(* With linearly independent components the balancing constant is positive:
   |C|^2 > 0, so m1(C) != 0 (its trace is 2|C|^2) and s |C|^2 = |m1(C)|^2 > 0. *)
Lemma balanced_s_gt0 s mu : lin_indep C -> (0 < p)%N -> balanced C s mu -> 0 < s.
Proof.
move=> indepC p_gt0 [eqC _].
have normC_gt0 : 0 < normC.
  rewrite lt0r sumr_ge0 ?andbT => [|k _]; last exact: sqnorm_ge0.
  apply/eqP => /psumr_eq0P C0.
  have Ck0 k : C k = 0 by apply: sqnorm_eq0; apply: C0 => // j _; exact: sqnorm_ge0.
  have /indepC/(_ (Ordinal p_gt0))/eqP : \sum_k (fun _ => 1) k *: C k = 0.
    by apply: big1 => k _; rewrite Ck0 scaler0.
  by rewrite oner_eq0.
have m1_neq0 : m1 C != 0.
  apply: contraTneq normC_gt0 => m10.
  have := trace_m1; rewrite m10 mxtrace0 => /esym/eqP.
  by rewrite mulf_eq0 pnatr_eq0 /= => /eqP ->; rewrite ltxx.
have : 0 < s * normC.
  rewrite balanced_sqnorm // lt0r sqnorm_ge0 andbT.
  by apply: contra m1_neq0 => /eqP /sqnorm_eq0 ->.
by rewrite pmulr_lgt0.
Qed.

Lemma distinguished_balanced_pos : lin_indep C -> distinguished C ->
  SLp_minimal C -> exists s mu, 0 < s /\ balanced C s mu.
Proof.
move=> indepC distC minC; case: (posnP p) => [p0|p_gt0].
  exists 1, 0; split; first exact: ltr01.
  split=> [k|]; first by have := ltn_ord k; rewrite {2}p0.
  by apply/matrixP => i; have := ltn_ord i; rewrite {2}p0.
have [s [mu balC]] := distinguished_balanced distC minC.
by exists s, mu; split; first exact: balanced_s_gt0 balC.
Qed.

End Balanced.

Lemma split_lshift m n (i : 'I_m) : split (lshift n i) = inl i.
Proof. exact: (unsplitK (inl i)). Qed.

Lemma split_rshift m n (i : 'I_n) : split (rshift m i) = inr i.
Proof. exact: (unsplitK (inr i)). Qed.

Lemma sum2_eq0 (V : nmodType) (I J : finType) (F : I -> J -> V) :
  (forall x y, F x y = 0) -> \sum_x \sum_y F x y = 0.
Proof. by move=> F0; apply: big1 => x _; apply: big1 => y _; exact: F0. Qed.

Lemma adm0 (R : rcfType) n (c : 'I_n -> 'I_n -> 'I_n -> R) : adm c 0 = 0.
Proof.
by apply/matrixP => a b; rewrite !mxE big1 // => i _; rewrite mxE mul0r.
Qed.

Instructions for the task: In the data above, retype exactly and only the lines between the one holding "rewrite balanced_sqnorm //" and the one holding "SLp_minimal C ->", inclusive.

Answer to this task:
  rewrite balanced_sqnorm // lt0r sqnorm_ge0 andbT.
  by apply: contra m1_neq0 => /eqP /sqnorm_eq0 ->.
by rewrite pmulr_lgt0.
Qed.

Lemma distinguished_balanced_pos : lin_indep C -> distinguished C ->
  SLp_minimal C -> exists s mu, 0 < s /\ balanced C s mu.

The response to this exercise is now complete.